Ken Cuccinelli, the former GOP state senator, attorney general and gubernatorial candidate, said the court’s decision shifts the debate to the candidates running for governor and for seats in the House of Delegates. The court’s decision, he said, eviscerates the protections for consumers in the 1971 Constitution against overearning by monopoly utilities.
“Now it’s up to the legislature to fix this, and that’s a tall order since they did this in the first place,” said Cuccinelli, who filed a brief supporting the challenge to the rate freeze law on behalf of the Virginia Poverty Law Center. “There’s no difference between the legislature granting Dominion and (Appalachian Power) windfall profits and raising taxes.”
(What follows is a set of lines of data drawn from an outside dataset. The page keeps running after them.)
(* Let $\sigma_X=(\sigma_X^0,\sigma_X[\cdot,\cdot])$ be a memory-one strategy for $X$ and $\sigma_Y$ any behavioral strategy for $Y$, generating the measures $\nu_t$. Then for every measurable $E\subseteq S_X$, $$\sum_{t=0}^\infty\lambda^t\int_{S_X\times S_Y}\Big[\mathbf{1}_E(x)-\lambda\,\sigma_X[x,y](E)\Big]\,d\nu_t(x,y)=\sigma_X^0(E).$$
   Context: Standing framework. Let $S_X,S_Y$ be measurable spaces, and $\lambda\in(0,1)$. For $T\ge 0$ let $\mathcal{H}^T=(S_X\times S_Y)^T$ ($\mathcal{H}^0=\{\varnothing\}$) and $\mathcal{H}=\bigsqcup_{T\ge0}\mathcal{H}^T$. A behavioral strategy for $X$ (resp. $Y$) is a Markov kernel from $\mathcal{H}$ to $S_X$ (resp. $S_Y$). A memory-one strategy for $X$ is a behavioral strategy determined by a probability measure $\sigma_X^0$ on $S_X$ (used at the empty history) and a Markov kernel $(x,y)\mapsto\sigma_X[x,y]$ from $S_X\times S_Y$ to $S_X$, with $\sigma_X[h^T]=\sigma_X[x_{T-1},y_{T-1}]$ for $h^T=((x_0,y_0),\dots,(x_{T-1},y_{T-1}))$, $T\ge1$. Given behavioral strategies $\sigma_X,\sigma_Y$, put $\sigma(h)=\sigma_X[h]\otimes\sigma_Y[h]$ and define probability measures $\mu_t$ on $\mathcal{H}^{t+1}$ by $\mu_0=\sigma(\varnothing)$ and $\mu_t(E'\times E)=\int_{E'}\sigma(h)(E)\,d\mu_{t-1}(h)$ (uniquely extended). Let $\nu_t(E)=\mu_t(\mathcal{H}^t\times E)$ be the distribution of the action pair at time $t$. $\mathbf{1}_E$ denotes the indicator of $E$. *)

From HB Require Import structures.
From mathcomp Require Import all_boot all_order all_algebra.
From mathcomp Require Import all_classical all_reals all_analysis.
Unset Printing Implicit Defensive.
Import Order.TTheory GRing.Theory Num.Theory.
Local Open Scope classical_set_scope.
Local Open Scope ring_scope.
Local Open Scope ereal_scope.

Section Game.
Context {d1 d2 : measure_display} (SX : measurableType d1) (SY : measurableType d2)
  (R : realType).

(* H^T = (S_X x S_Y)^T, built as ((unit * (SX*SY)) * (SX*SY)) * ... ,
   with the product sigma-algebras; H^0 = unit (the empty history). *)
Fixpoint hist (T : nat) : {d : measure_display & measurableType d} :=
  match T with
  | 0 => existT measurableType _ (unit : measurableType _)
  | S n => existT measurableType _
      ((projT2 (hist n) * (SX * SY))%type : measurableType _)
  end.

Definition H (T : nat) : measurableType (projT1 (hist T)) := projT2 (hist T).

(* the memory-one behavioral strategy determined by sigma_X^0 and sigma_X[.,.]:
   at the empty history use s0, at h^T (T >= 1) use k at the last action pair *)
Definition memory_one (s0 : probability SX R) (k : R.-pker (SX * SY) ~> SX) :
    forall T, H T -> set SX -> \bar R :=
  fun T => match T return H T -> set SX -> \bar R with
           | 0 => fun _ => s0
           | S n => fun h => k h.2
           end.

Variables (sX : forall T, H T -> set SX -> \bar R)
          (sY : forall T, H T -> set SY -> \bar R).

(* sigma(h) = sigma_X[h] (x) sigma_Y[h], the product measure on S_X x S_Y,
   written as the iterated integral (product of two probability measures). *)
Definition sigma T (h : H T) (A : set (SX * SY)) : \bar R :=
  \int[sX T h]_x sY T h [set y | A (x, y)].

(* mu_t on H^{t+1}: mu_0 = sigma(empty), mu_t(A) = int sigma(h)(A_h) dmu_{t-1}(h)
   (this is the unique extension of mu_t(E' x E) = int_{E'} sigma(h)(E) dmu_{t-1}) *)
Fixpoint mu (t : nat) : set (H t.+1) -> \bar R :=
  match t return set (H t.+1) -> \bar R with
  | 0 => fun A => sigma 0 (tt : H 0) [set a | A (tt, a)]
  | S n => fun A => \int[mu n]_h sigma n.+1 h [set a | A (h, a)]
  end.

Definition nu (t : nat) (E : set (SX * SY)) : \bar R :=
  mu t [set p | E p.2].

End Game.

From Pilot Require Import Defs.
From HB Require Import structures.
From mathcomp Require Import all_boot all_order all_algebra.
From mathcomp Require Import all_classical all_reals all_analysis.
From mathcomp Require Import measurable_realfun ring.
Import numFieldNormedType.Exports HBNNSimple.
Import Order.TTheory GRing.Theory Num.Theory.
Local Open Scope classical_set_scope.
Local Open Scope ring_scope.

(* Let a_t be the probability that X's action at time t lies in E.  Under a
   memory-one strategy, the action at time t+1 is drawn from sigma_X[x_t, y_t],
   so the integral of sigma_X[x, y](E) against nu_t is a_{t+1}, while that of
   1_E(x) is a_t.  The t-th term of the series is therefore
   lambda^t (a_t - lambda a_{t+1}), the partial sums telescope to
   a_0 - lambda^n a_n, and a_0 = sigma_X^0(E). *)

Lemma discounted_telescope (R : comPzRingType) (u : nat -> R) (lam : R) n :
  \sum_(0 <= t < n) lam ^+ t * (u t - lam * u t.+1) = u 0 - lam ^+ n * u n.
Proof.
elim: n => [|n IH]; first by rewrite big_geq// expr0 mul1r subrr.
by rewrite big_nat_recr//= IH exprS; ring.
Qed.

Lemma cvg_discounted_telescope (R : realType) (u : nat -> R) (lam c : R) :
  0 <= lam < 1 -> (forall n, `|u n| <= c) ->
  (fun n => \sum_(0 <= t < n) lam ^+ t * (u t - lam * u t.+1)) @ \oo --> u 0.
Proof.
move=> /andP[lam0 lam1] uc.
rewrite (_ : (fun n => _) = fun n => u 0 - lam ^+ n * u n); last first.
  by apply/funext => n; rewrite discounted_telescope.
rewrite -[X in _ --> X]subr0; apply: cvgB; first exact: cvg_cst.
apply: norm_cvg0.
apply: (@squeeze_cvgr _ _ _ _ (fun=> 0) (fun n => c * lam ^+ n)).
- near=> n; rewrite normr_ge0/= normrM mulrC normrX (ger0_norm lam0).
  by apply: ler_wpM2r; [exact: exprn_ge0|exact: uc].
- exact: cvg_cst.
- rewrite -[X in _ --> X](mulr0 c); apply: cvgMr.
  by apply: cvg_expr; rewrite ger0_norm.
Unshelve. all: by end_near.
Qed.

Section kprecomp.
Context {d0 d1 d2} {T0 : measurableType d0} {T1 : measurableType d1}
  {T2 : measurableType d2} {R : realType} {f : T0 -> T1} (k : R.-pker T1 ~> T2).

Definition kprecomp (mf : measurable_fun setT f) :
  T0 -> {measure set T2 -> \bar R} := k \o f.

Hypothesis mf : measurable_fun setT f.

Let measurable_kprecomp U : measurable U ->
  measurable_fun setT (kprecomp mf ^~ U).
Proof. by move=> mU; apply: (measurableT_comp (measurable_kernel k _ mU)). Qed.

HB.instance Definition _ := isKernel.Build _ _ _ _ _ (kprecomp mf)
  measurable_kprecomp.

Let kprecomp_prob x : kprecomp mf x setT = 1%E.
Proof. exact: prob_kernel. Qed.

HB.instance Definition _ := Kernel_isProbability.Build _ _ _ _ _ (kprecomp mf)
  kprecomp_prob.

End kprecomp.

Section pkproduct.
Context {d0 d1 d2} {T0 : measurableType d0} {T1 : measurableType d1}
  {T2 : measurableType d2} {R : realType}
  (k1 : R.-pker T0 ~> T1) (k2 : R.-pker (T0 * T1) ~> T2).

Definition pkproduct : T0 -> {measure set (T1 * T2) -> \bar R} :=
  mkproduct k1 k2.

HB.instance Definition _ := isKernel.Build _ _ _ _ _ pkproduct
  (measurable_kproduct k1 k2).

Lemma pkproductE x A : measurable A ->
  pkproduct x A = (\int[k1 x]_y k2 (x, y) (xsection A y))%E.
Proof.
move=> mA; apply: eq_integral => y _.
rewrite /kernel.intker_indic integral_indic//=; last first.
  by rewrite -[X in measurable X]xsectionE; exact: measurable_xsection.
by rewrite setIT xsectionE.
Qed.

Let pkproduct_prob x : pkproduct x setT = 1%E.
Proof.
rewrite pkproductE//.
under eq_integral do rewrite xsectionE preimage_setT prob_kernel.
by rewrite integral_cst//= mul1e prob_kernel.
Qed.

HB.instance Definition _ := Kernel_isProbability.Build _ _ _ _ _ pkproduct
  pkproduct_prob.

End pkproduct.

Lemma prob_kernel_le1 {d d'} {X : measurableType d} {Y : measurableType d'}
    {R : realType} (k : R.-pker X ~> Y) x B :
  measurable B -> (k x B <= 1)%E.
Proof. by move=> mB; rewrite -(@prob_kernel _ _ _ _ _ k x) le_measure ?inE. Qed.

Lemma bounded_integrable {d} {T : measurableType d} {R : realType}
    (m : {measure set T -> \bar R}) (f : T -> \bar R) (c : R) :
  (m setT < +oo)%E -> measurable_fun setT f -> (forall x, `|f x| <= c%:E)%E ->
  m.-integrable setT f.
Proof.
move=> mfin mf fc; apply/integrableP; split => //.
apply: (@le_lt_trans _ _ (\int[m]_(x in setT) c%:E)%E).
  by apply: ge0_le_integral => //; exact: measurableT_comp.
by rewrite (integral_cst m measurableT) ltey_eq fin_numM// ge0_fin_numE.
Qed.

(* Unlike [eq_measure_integral], neither set function needs to be a measure. *)
Lemma eq_setfun_integral {d} {T : measurableType d} {R : realType}
    {m1 m2 : set T -> \bar R} {D} {f : T -> \bar R} :
  (forall A, measurable A -> m1 A = m2 A) ->
  (\int[m1]_(x in D) f x = \int[m2]_(x in D) f x)%E.
Proof.
move=> m12; rewrite /integral; congr (_ - _)%E; congr ereal_sup.
all: apply/seteqP; split => _ [g gf <-]; exists g => //.
all: apply: eq_fsbigr => r _; rewrite m12//.
all: exact: measurable_funPTI g (measurable_set1 r).
Qed.

Section memory_one_game.
Context {d1 d2 : measure_display} {SX : measurableType d1}
  {SY : measurableType d2} {R : realType}
  (s0 : probability SX R) (k : R.-pker (SX * SY) ~> SX)
  (sY : forall T, R.-pker (H SX SY T) ~> SY).

Local Notation sX := (memory_one SX SY R s0 k).
Local Notation sigma := (sigma SX SY R sX (fun T h => sY T h)).
Local Notation mu := (mu SX SY R sX (fun T h => sY T h)).
Local Notation nu := (nu SX SY R sX (fun T h => sY T h)).

Definition memory_one_kernel T : R.-pker (H SX SY T) ~> SX :=
  match T return R.-pker (H SX SY T) ~> SX with
  | 0 => kprobability (measurable_cst (s0 : pprobability SX R))
  | S n => kprecomp k (@measurable_snd _ _ (H SX SY n) _)
  end.

Definition sigma_kernel T : R.-pker (H SX SY T) ~> (SX * SY)%type :=
  pkproduct (memory_one_kernel T) (kprecomp (sY T) measurable_fst).

Definition hist_step T (P : R.-pker unit ~> H SX SY T) :
    R.-pker unit ~> H SX SY T.+1 :=
  pkproduct P (kprecomp (sigma_kernel T) measurable_snd).

(* mu_t is a measure on H^{t+1}; it is encoded as a probability kernel from
   the one-point space so that [pkproduct] can extend it by sigma_kernel. *)
Fixpoint hist_kernel t : R.-pker unit ~> H SX SY t.+1 :=
  match t with
  | 0 => hist_step 0
           (kprobability (measurable_cst (\d_tt : pprobability unit R)))
  | S n => hist_step n.+1 (hist_kernel n)
  end.

Lemma memory_oneE T h : sX T h = memory_one_kernel T h.
Proof. by case: T h. Qed.

Lemma sigmaE T h B : measurable B -> sigma T h B = sigma_kernel T h B.
Proof.
move=> mB; rewrite /sigma_kernel pkproductE// /Defs.sigma memory_oneE.
by apply: eq_integral => x _; rewrite xsectionE.
Qed.

Lemma hist_kernelS t A : measurable A ->
  hist_kernel t.+1 tt A =
  (\int[hist_kernel t tt]_h sigma_kernel t.+1 h (xsection A h))%E.
Proof. exact: pkproductE. Qed.

Lemma muS t A :
  mu t.+1 A = (\int[mu t]_h sigma t.+1 h [set a | A (h, a)])%E.
Proof. by []. Qed.

Lemma muE t A : measurable A -> mu t A = hist_kernel t tt A.
Proof.
elim: t A => [|t IH] A mA.
  rewrite [RHS]pkproductE//.
  rewrite (eq_integral (cst (sigma_kernel 0 tt (xsection A tt)))); last by case.
  rewrite integral_cst// prob_kernel mule1 -sigmaE.
    by rewrite xsectionE.
  exact: measurable_xsection.
rewrite hist_kernelS// -(eq_setfun_integral IH).
rewrite muS; congr integral; apply/funext => h.
rewrite -sigmaE; last exact: measurable_xsection.
by rewrite xsectionE.
Qed.

Lemma integral_nu t (f : SX * SY -> \bar R) : measurable_fun setT f ->
    (hist_kernel t tt).-integrable setT (f \o snd) ->
  (\int[nu t]_p f p = \int[hist_kernel t tt]_h f h.2)%E.
Proof.
move=> mf intf.
rewrite (eq_setfun_integral (m2 := pushforward (hist_kernel t tt) snd)).
  by rewrite integral_pushforward// preimage_setT.
move=> B mB; rewrite /nu muE//.
by rewrite -[X in measurable X]setTI; exact: measurable_snd.
Qed.

Variables (E : set SX) (mE : measurable E).

Definition actX_in t : set (H SX SY t.+1) := [set h | E h.2.1].

Lemma measurable_actX_in t : measurable (actX_in t).
Proof.
rewrite (_ : actX_in t = setT `*` (E `*` setT)); last first.
  by apply/seteqP; split => [h Eh|h [_ []]].
by apply: measurableX => //; exact: measurableX.
Qed.

Lemma sigma_kernelX T h :
  sigma_kernel T h (E `*` setT) = memory_one_kernel T h E.
Proof.
rewrite pkproductE; last exact: measurableX.
transitivity (\int[memory_one_kernel T h]_x (\1_E x)%:E)%E.
  2: by rewrite integral_indic// setIT.
apply: eq_integral => x _.
rewrite indicE; have [xE|xE] := boolP (x \in E).
  by rewrite in_xsectionX// prob_kernel.
by rewrite notin_xsectionX// measure0.
Qed.

Lemma hist_kernel_actX0 : hist_kernel 0 tt (actX_in 0) = s0 E.
Proof.
rewrite -muE; last exact: measurable_actX_in.
transitivity (sigma 0 tt (E `*` setT)).
  by congr (sigma 0 tt _); apply/seteqP; split => [y|y []].
by rewrite sigmaE ?sigma_kernelX//; exact: measurableX.
Qed.

Lemma hist_kernel_actXS t :
  hist_kernel t.+1 tt (actX_in t.+1) = (\int[hist_kernel t tt]_h k h.2 E)%E.
Proof.
rewrite hist_kernelS; last exact: measurable_actX_in.
apply: eq_integral => h _; rewrite -[RHS](sigma_kernelX t.+1 h).
rewrite (_ : xsection _ h = E `*` setT)//.
by rewrite xsectionE; apply/seteqP; split => [y|y []].
Qed.

Lemma hist_kernel_integrable t (g : SX * SY -> \bar R) (c : R) :
    measurable_fun setT g -> (forall p, (`|g p| <= c%:E)%E) ->
  (hist_kernel t tt).-integrable setT (g \o snd).
Proof.
move=> mg gc; apply: (bounded_integrable _ _ c) => //.
- by rewrite prob_kernel ltry.
- exact: measurableT_comp.
- by move=> h; exact: gc.
Qed.

Definition prob_actX_in t : R := fine (hist_kernel t tt (actX_in t)).

Lemma prob_actX_inE t : hist_kernel t tt (actX_in t) = (prob_actX_in t)%:E.
Proof.
rewrite fineK// ge0_fin_numE// (le_lt_trans (prob_kernel_le1 _ _ _ _)) ?ltry//.
exact: measurable_actX_in.
Qed.

Lemma prob_actX_in_le1 t : `|prob_actX_in t| <= 1.
Proof.
have := prob_kernel_le1 (hist_kernel t) tt _ (measurable_actX_in t).
by rewrite prob_actX_inE lee_fin ger0_norm// -lee_fin -prob_actX_inE.
Qed.

Lemma integral_nu_series_term t (lam : R) : 0 <= lam <= 1 ->
  (\int[nu t]_p ((\1_E p.1)%:E - lam%:E * k p E) =
   (prob_actX_in t - lam * prob_actX_in t.+1)%:E)%E.
Proof.
move=> /andP[lam0 lam1].
have mind : measurable_fun setT (fun p : SX * SY => (\1_E p.1)%:E : \bar R).
  by apply/measurable_EFinP; apply: measurableT_comp.
have mk : measurable_fun setT (fun p : SX * SY => k p E).
  exact: measurable_kernel.
have mkl : measurable_fun setT (fun p : SX * SY => lam%:E * k p E)%E.
  exact: measurable_funeM.
have ind1 p : (`|(\1_E p.1)%:E| <= 1%:E)%E.
  by rewrite lee_fin indicE; case: (p.1 \in E); rewrite ?normr1 ?normr0.
have kl1 p : (`|lam%:E * k p E| <= 1%:E)%E.
  rewrite gee0_abs ?mule_ge0 ?lee_fin// -[1%:E]mule1.
  by apply: lee_pmul; rewrite ?lee_fin// prob_kernel_le1.
have k1 p : (`|k p E| <= 1%:E)%E by rewrite gee0_abs// prob_kernel_le1.
rewrite integral_nu; first last.
- apply: (hist_kernel_integrable _ _ 2) => [|p]; first exact: emeasurable_funB.
  by rewrite (le_trans (lee_abs_sub _ _))// -[2%R]/(1 + 1)%R EFinD leeD.
- exact: emeasurable_funB.
rewrite integralB//; last first.
- exact: (hist_kernel_integrable _ _ 1 mkl).
- exact: (hist_kernel_integrable _ _ 1 mind).
rewrite integralZl//; last exact: (hist_kernel_integrable _ _ 1 mk).
rewrite -hist_kernel_actXS EFinB EFinM -!prob_actX_inE.
rewrite (eq_integral (fun h => (\1_(actX_in t) h)%:E))//.
by rewrite integral_indic ?setIT//; exact: measurable_actX_in.
Qed.
End memory_one_game.

Theorem lemma3 (d1 d2 : measure_display) (SX : measurableType d1)
  (SY : measurableType d2) (R : realType) (lam : R)
  (hlam0 : 0 < lam) (hlam1 : lam < 1)
  (s0 : probability SX R) (k : R.-pker (SX * SY) ~> SX)
  (sY : forall T, R.-pker (H SX SY T) ~> SY)
  (E : set SX) (mE : measurable E) :
  (fun n : nat => \sum_(0 <= t < n)
     ((lam ^+ t)%:E *
      \int[nu SX SY R (memory_one SX SY R s0 k)
                 (fun T h => sY T h) t]_p
         ((\1_E p.1)%:E - lam%:E * k p E))%E)
  @ \oo --> s0 E.
Proof.
pose u := prob_actX_in s0 k sY E.
have lam01 : 0 <= lam <= 1 by rewrite !ltW.
rewrite (_ : (fun n : nat => _) = fun n =>
    (\sum_(0 <= t < n) lam ^+ t * (u t - lam * u t.+1))%:E); last first.
  apply/funext => n; rewrite -sumEFin; apply: eq_bigr => t _.
  by rewrite (integral_nu_series_term _ _ _ _ mE)// EFinM.
rewrite -(hist_kernel_actX0 s0 k sY E mE) (prob_actX_inE _ _ _ _ mE) -/(u 0).
apply: cvg_EFin; first by near=> n.
apply: (cvg_discounted_telescope _ _ _ 1); first by rewrite ltW.
exact: prob_actX_in_le1 mE.
Unshelve. all: by end_near.
Qed.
The General Assembly, Cuccinelli said, needs to hand over electric rate regulation to the SCC “100 percent.”
“They are stealing from poor people to give to these two companies,” he said.
The next General Assembly session, Cuccinelli said, will be a crucial test of the body.
“What we’re going to find out is: Is the General Assembly an independent entity or a wholly owned subsidiary of Dominion Power?”
“This ruling means that Dominion Energy Virginia will continue to pocket hundreds of millions of dollars owed to Virginia families who were overcharged for several years.”